More than four months after the Department of Labor's qualified default investment alternative regulations became effective, the Department last week issued much needed guidance clarifying the rule's application in a number of contexts. Perhaps most notable for readers of this blog, the Field Assistance Bulletin (FAB 2008-3) contained important guidance on how to deal with the overlapping and seemingly conflicting notice requirements. The Department also released amended regulatory text, and a fact sheet explaining the guidance.E
As we have blogged about before, the Department is in the midst of a separate regulatory initiative to enhance the disclosure of plan fees and expenses that flow to fiduciaries and plan participants. There appears to be some cross-pollination of efforts here, as the Q-6 indicates that, in the absence of further guidance, in order to meet the notice requirements in the final QDIA regulations, plans must provide information to participants and beneficiaries concerning: (1) the amount and a description of any shareholder-type fees such as sales loads, sales charges, deferred sales charges, redemption fees, surrender charges, exchange fees, account fees, purchase fees, and mortality and expense fees; and (2) the expense ratio for investments the performance of which may be expected to vary over the term of the investment.
Because ERISA and the Code require many different notices to be provided to participants and beneficiaries, Q-7 attempts to streamline and coordinate some of the notification efforts. In Q-7, for instance, the Department clarifies that the QDIA notices may be distributed in accordance with Department of Treasury electronic distribution regulations. However, when it comes to pass-through investment materials, the Labor Department stops short of endorsing Treasury's rules, indicating instead that the DOL is "currently working on a separate regulatory initiative concerning the broader application of disclosure by electronic means." This may be a reference to yet-to-be-issued proposed regulations on disclosure to plan participants. Those regulations, which will be the third and last set of disclosure-based rules in the Department's three-step initiative, are currently being reviewed by the Office of Management and Budget, and are expected to be released in proposed form sometime this summer.
In Q-8 and Q-9, the Department addresses the interaction between the notice requirement in the QDIA regulations and the separate notices required under rules governing qualified automatic enrollment arrangements (QACAs) under Code section 401(k)(13) and eligible automatic enrollment arrangements (EACAs) under Code section 414(w). According to Q-8, the timing of the separate QACA and EACA notices may -- but are not required to -- be coordinated with the QDIA notice. The FAB also provides a link to a sample notice created jointly by it and the Internal Revenue Service that sponsors may wish to use to satisfy all notice requirements.
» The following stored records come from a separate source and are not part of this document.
(* The event of a crossing (X_j <= v_j - e while X_i > v_i) is an orthant difference
   whose two orthants coincide for [Z], which never crosses [v]. *)
Lemma orthant_cross_negligible i j e : i \in CR -> j \in CR -> i != j -> 0 < e ->
  P.-negligible (orthant X (below j e) `\` orthant X (below_cross i j e)).
Proof.
move=> iC jC ij e0; have /andP[vj0 vju] := v_itv jC.
have [neg|nonneg] := ltP (v j - e) 0.
  apply: negligibleS (negligible_set0 P) => x [/(_ j jC)].
  by rewrite /below eqxx => h _; have := X0 j x; lra.
have sub S' (Z' : 'I_d -> S' -> R) :
    orthant Z' (below_cross i j e) `<=` orthant Z' (below j e).
  move=> x h k kC; have := h k kC; rewrite /below_cross; case: eqP => [->|_] //.
  by rewrite /below (negbTE ij) => /le_trans; apply; case/andP: (v_itv iC).
apply: orthant_setD_negligible; first exact: sub.
apply/seteqP; split; last exact: sub.
move=> y h k kC; rewrite /below_cross; case: eqP => [->|_]; last exact: h.
have hi := h i iC; rewrite /below (negbTE ij) in hi.
have hj := h j jC; rewrite /below eqxx in hj.
case: (Z_one_sided y) => [/(_ i iC)|/(_ j jC) vj]; first exact/le_trans/le_clamp.
have : clamp u (Z j y) <= v j - e.
  by rewrite -[leRHS](@clamp_id _ u) ?clamp_homo //; apply/andP; split; lra.
lra.
Qed.

Lemma not_one_sided_negligible :
  P.-negligible [set x | (forall k, k \in CR -> X k x <= u) /\
                         ~ one_sided CR v (fun k => X k x)].
Proof.
pose F (p : 'I_d * 'I_d * nat) := let: (i, j, n) := p in
  if [&& i \in CR, j \in CR & i != j]
  then orthant X (below j n.+1%:R^-1) `\` orthant X (below_cross i j n.+1%:R^-1)
  else set0.
apply: (@negligibleS _ _ _ _ (\bigcup_p F p)).
  move=> x [box not1].
  have [i iC vi] : exists2 i, i \in CR & v i < X i x.
    have [//|ni] := pselect (exists2 i, i \in CR & v i < X i x); exfalso.
    by apply: not1; left=> k kC; rewrite leNgt; apply/negP => h; apply: ni; exists k.
  have [j jC vj] : exists2 j, j \in CR & X j x < v j.
    have [//|nj] := pselect (exists2 j, j \in CR & X j x < v j); exfalso.
    by apply: not1; right=> k kC; rewrite leNgt; apply/negP => h; apply: nj; exists k.
  have ij : i != j by apply/eqP => eij; move: vi; rewrite eij; lra.
  pose n := Num.truncn (v j - X j x)^-1.
  have hn : n.+1%:R^-1 < v j - X j x.
    by rewrite -[ltRHS]invrK ltf_pV2 ?posrE ?invr_gt0 ?subr_gt0 ?ltr0n ?truncnS_gt.
  exists (i, j, n) => //; rewrite /F iC jC ij /=; move: hn; set e := n.+1%:R^-1 => hn.
  split=> [k kC|/(_ i iC)]; rewrite /below_cross /below ?eqxx; last lra.
  by case: eqP => [->|_]; [lra | exact: box].
apply: negligible_bigcup_count => -[[i j] n]; rewrite /F.
case: ifP => [/and3P[iC jC ij]|_]; last exact: negligible_set0.
by apply: orthant_cross_negligible; rewrite // invr_gt0 ltr0n.
Qed.

End Orthants.

Lemma big_ord_recr_lift (V : Type) (idx : V) (op : Monoid.law idx) (n : nat)
    (F : 'I_n.+1 -> V) :
  \big[op/idx]_(i < n.+1) F i = op (\big[op/idx]_(j < n) F (lift ord_max j)) (F ord_max).
Proof.
rewrite big_ord_recr; apply: congr2 => //; apply: eq_bigr => j _.
by congr F; apply: val_inj; rewrite /= /bump leqNgt ltn_ord.
Qed.

Lemma big_card0 (V : Type) (idx : V) (op : V -> V -> V) (I : finType) (A : {pred I})
    (F : I -> V) :
  #|A| = 0%N -> \big[op/idx]_(k in A) F k = idx.
Proof. by move=> A0; apply: big_pred0 => k; rewrite (card0_eq A0). Qed.

Lemma big_enum_setC (V : Type) (idx : V) (op : Monoid.com_law idx) (I : finType)
    (C : {set I}) (F : I -> V) :
  \big[op/idx]_(k : I) F k =
  op (\big[op/idx]_(j < #|~: C|) F (enum_val j)) (\big[op/idx]_(k in C) F k).
Proof.
rewrite -big_enum_val (bigID (mem C)) Monoid.mulmC /=.
by apply: congr2 => //; apply: eq_bigl => k; rewrite !inE.
Qed.

Section Aggregation.
Variables (V : Type) (addV : V -> V -> V) (zeroV : V) (d : nat) (CR : {set 'I_d}).

Lemma aggr_lift (Xf : 'I_d -> V) (j : 'I_#|~: CR|) :
  aggr addV zeroV CR Xf (lift ord_max j) = Xf (enum_val j).
Proof. by rewrite /aggr liftK. Qed.

Lemma aggr_max (Xf : 'I_d -> V) :
  aggr addV zeroV CR Xf ord_max = \big[addV/zeroV]_(k in CR) Xf k.
Proof. by rewrite /aggr unlift_none. Qed.

End Aggregation.

(* Its values on [CR] are junk. *)
Definition deaggr (R : Type) (d : nat) (CR : {set 'I_d}) (w : 'I_#|~: CR|.+1 -> R)
    (k : 'I_d) : R :=
  w (inord (index k (enum (~: CR)))).

Lemma deaggr_enum (R : Type) (d : nat) (CR : {set 'I_d}) (w : 'I_#|~: CR|.+1 -> R)
    (j : 'I_#|~: CR|) :
  deaggr w (enum_val j) = w (lift ord_max j).
Proof.
rewrite /deaggr (enum_val_nth (enum_val j)) index_uniq ?enum_uniq -?cardE //.
congr w; apply: val_inj; rewrite /= inordK; last exact: leq_trans (ltn_ord j) _.
by rewrite /bump leqNgt ltn_ord.
Qed.

Lemma measurable_sum_in (dT : measure_display) (T : measurableType dT) (R : realType)
    (I : finType) (A : {pred I}) (f : I -> T -> R) :
  (forall k, measurable_fun setT (f k)) ->
  measurable_fun setT (fun x => \sum_(k in A) f k x).
Proof.
move=> mf; under eq_fun do rewrite -big_enum.
exact: measurable_sum.
Qed.

Section Cost.
Context (R : realType) (dT : measure_display) (T : measurableType dT)
  (P : probability T R) (d : nat) (X : 'I_d -> T -> R) (u : R).
Hypothesis mX : forall k, measurable_fun setT (X k).

Let covered x : R := if \sum_(l < d) X l x <= u then 1 else 0.

Definition cost (a : R) (Z : T -> R) : \bar R :=
  \int[P]_x (excess a (Z x) * covered x)%:E.

Let covered_ge0 x : 0 <= covered x.
Proof. by rewrite /covered; case: ifP. Qed.

Let cost_integrand_ge0 a (Z : T -> R) x : (0 <= (excess a (Z x) * covered x)%:E)%E.
Proof. by rewrite lee_fin mulr_ge0 ?excess_ge0. Qed.

Lemma measurable_cost_integrand a (Z : T -> R) : measurable_fun setT Z ->
  measurable_fun setT (fun x => (excess a (Z x) * covered x)%:E).
Proof.
move=> mZ; apply/measurable_EFinP; apply: measurable_funM.
  by apply: measurable_maxr => //; apply: measurable_funB.
apply: measurable_fun_ifT => //; apply: measurable_fun_ler => //.
exact: measurable_sum_in.
Qed.

Lemma cost_ge0 a Z : (0 <= cost a Z)%E.
Proof. exact: integral_ge0. Qed.

Lemma le_cost a b Z : measurable_fun setT Z -> a <= b -> (cost b Z <= cost a Z)%E.
Proof.
move=> mZ ab; apply: ge0_le_integral => //; try exact: measurable_cost_integrand.
by move=> x _; rewrite lee_fin ler_wpM2r ?le_excess.
Qed.

Lemma sum_cost (I : finType) (A : {pred I}) (a : I -> R) (Z : I -> T -> R) :
  (forall k, measurable_fun setT (Z k)) ->
  (\sum_(k in A) cost (a k) (Z k) =
   \int[P]_x ((\sum_(k in A) excess (a k) (Z k x)) * covered x)%:E)%E.
Proof.
move=> mZ; rewrite -big_enum /cost -ge0_integral_sum //; last first.
  by move=> k; apply: measurable_cost_integrand.
by apply: eq_integral => x _; rewrite sumEFin big_enum mulr_suml.
Qed.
In Q-9, the Department further explores the timing interaction between the Code's notices and the QDIA notices, concluding that "plan sponsors could easily satisfy" the annual notice requirement for both sets of regulations by providing an appropriate notice at least 30 but no more than 90 days before the beginning of the plan year. Q-10 clarifies that the notice required under the pre-PPA safe harbor 401(k) plan (i.e. non-automatic enrollment safe harbor plan) can be combined with the QDIA notice as well.
FAB 2008-3 addresses other issues as well, but leaves many other questions unresolved. It is not clear at this time whether we can expect additional guidance from the Department on QDIAs, or if this FAB is as much as we will get. In either case, plan sponsors would be well advised, IMO, to carefully review the FAB to be sure they are complying with the QDIA regulations.